Task requirements: Taking the listing below, restate word for word each line from the line with "Lemma all_symmetric_involution (E" to the line with "move=> symS x;", ends included, and stop there.

──────── Exercise materials

Lemma sigma2K : involutive sigma2.
Proof. by move=> x; rewrite !permE; case: x. Qed.

Lemma order_sigma2 : #[sigma2] = 2.
Proof. by apply: (order_involutive_perm (x := (Zp1, 1))) sigma2K _; rewrite permE. Qed.

Lemma sigma3_Aut : sigma3 \in Aut [set: E2].
Proof. by apply: morph_perm_Aut => x y; rewrite !permE /sig3_fun invMg Zp_mulgC. Qed.

Lemma sigma3K : involutive sigma3.
Proof. by move=> x; rewrite !permE /sig3_fun invgK. Qed.

Lemma order_sigma3 : #[sigma3] = 2.
Proof. by apply: (order_involutive_perm (x := Zp1)) sigma3K _; rewrite permE. Qed.


Section CyclicAutZp.
Variables (p : nat) (K : {group {perm 'Z_p}}) (theta : {perm 'Z_p}).
Hypotheses (p_prime : prime p) (p_ge3 : 3 <= p).
Hypotheses (K_aut : K \subset Aut [set: 'Z_p]) (theta_gen : generator K theta).

Implicit Type M : {group {perm 'Z_p}}.

Let defK : K :=: <[theta]> := eqP theta_gen.

Lemma theta_Aut : theta \in Aut [set: 'Z_p].
Proof. by apply: (subsetP K_aut); rewrite defK cycle_id. Qed.

Lemma order_theta : #[theta] = #|K|.
Proof. by rewrite orderE defK. Qed.

Lemma theta_fixed (q : 'Z_p) : 1 < #|K| -> theta q = q -> q = 1.
Proof.
move=> ntK theta_q; apply/eqP; apply: contraTT ntK => nt_q.
by rewrite -order_theta (eq_Aut_Zp p_prime theta_Aut (group1 _) nt_q) ?perm1 // order1.
Qed.

Lemma thetaX_half x : 2 %| #|K| -> (theta ^+ #|K|./2) x = x^-1.
Proof.
rewrite dvdn2 => evenK; set h := #|K|./2.
have Kh : #|K| = (h * 2)%N by rewrite muln2 even_halfK.
have h_gt0 : 0 < h by rewrite -(ltn_pmul2r (isT : 0 < 2)) -Kh cardG_gt0.
apply: Aut_Zp_order2 => //; first exact: groupX theta_Aut.
by rewrite orderXdiv order_theta Kh ?dvdn_mulr // mulKn.
Qed.

Lemma odd_thetaX_inv n : 2 %| #|K| -> (theta ^+ n) Zp1 = Zp1^-1 -> odd n = odd #|K|./2.
Proof.
move=> evenK; rewrite -(thetaX_half _ evenK) => /(eq_Aut_Zp p_prime (groupX _ theta_Aut)).
move=> /(_ (groupX _ theta_Aut) (Zp1_neq1 p_prime)) /eqP; rewrite eq_expg_mod_order order_theta.
move: evenK; rewrite dvdn2 => /negbTE evenK /eqP n_h.
by rewrite -(odd_mod n evenK) n_h odd_mod.
Qed.

Lemma index_subgroup_cycle (E : finGroupType) (sigma : {perm E}) M :
  M \subset K -> #|K : M| = #[sigma] -> M :=: <[theta ^+ #[sigma]]>.
Proof. by rewrite defK => sMK <-; apply: cycle_subgroup_index. Qed.

Lemma no_unique_inv_pair_sigma1 M : M \subset K -> #|K : M| = 3 ->
  ~~ has_unique_inv_pair (cyc_sets (Agrp sigma1 K theta M)).
Proof.
rewrite -order_sigma1 => sMK idxM.
have ntK : 1 < #|K|.
  by rewrite (leq_trans _ (dvdn_leq _ (dvdn_indexg K M))) ?idxM ?order_sigma1.
apply: (no_unique_inv_pair_cyc defK (index_subgroup_cycle sMK idxM) sigma1_Aut theta_Aut).
by move=> [x y] [/sigma1_fix-> /(theta_fixed ntK)->].
Qed.

Lemma all_symmetric_involution (E : finGroupType) (sigma : {perm E}) M :
    sigma \in Aut [set: E] -> #[sigma] = 2 -> M \subset K -> #|K : M| = 2 ->
  all_symmetric (cyc_sets (Agrp sigma K theta M))
    = [forall x, (if odd #|K|./2 then sigma x else x) == x^-1].
Proof.
move=> sigma_aut sigma2 sMK idxM.
have evenK : 2 %| #|K| by rewrite -idxM dvdn_indexg.
have sigmaK : involutive sigma.
  by move=> x; rewrite -permM -expg2 -sigma2 expg_order perm1.
rewrite -sigma2 in idxM; have defM := index_subgroup_cycle sMK idxM.
apply/(all_symmetric_cycP defK defM sigma_aut theta_Aut)/forallP.
  move=> symS x; have /(cyc_orbitP defK defM)[n [xV ZpV]] := symS (x, Zp1).
  by rewrite -(odd_thetaX_inv evenK (esym ZpV)) -permX_involutive // -xV.
move=> sym_x [x y]; apply/(cyc_orbitP defK defM); exists #|K|./2.
by rewrite /cyc_act /= thetaX_half // permX_involutive // (eqP (sym_x x)).
Qed.

Lemma all_symmetric_sigma2 M : M \subset K -> #|K : M| = 2 ->
  all_symmetric (cyc_sets (Agrp sigma2 K theta M)) = ~~ odd #|K|./2.
Proof.
move=> sMK idxM; rewrite all_symmetric_involution ?sigma2_Aut ?order_sigma2 //.
case: (odd _); last by apply/forallP=> x; case_E1 x.
by apply/negP=> /forallP/(_ (Zp1, 1)); rewrite permE.
Qed.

────────────────

Finished exercise:
Lemma all_symmetric_involution (E : finGroupType) (sigma : {perm E}) M :
    sigma \in Aut [set: E] -> #[sigma] = 2 -> M \subset K -> #|K : M| = 2 ->
  all_symmetric (cyc_sets (Agrp sigma K theta M))
    = [forall x, (if odd #|K|./2 then sigma x else x) == x^-1].
Proof.
move=> sigma_aut sigma2 sMK idxM.
have evenK : 2 %| #|K| by rewrite -idxM dvdn_indexg.
have sigmaK : involutive sigma.
  by move=> x; rewrite -permM -expg2 -sigma2 expg_order perm1.
rewrite -sigma2 in idxM; have defM := index_subgroup_cycle sMK idxM.
apply/(all_symmetric_cycP defK defM sigma_aut theta_Aut)/forallP.
  move=> symS x; have /(cyc_orbitP defK defM)[n [xV ZpV]] := symS (x, Zp1).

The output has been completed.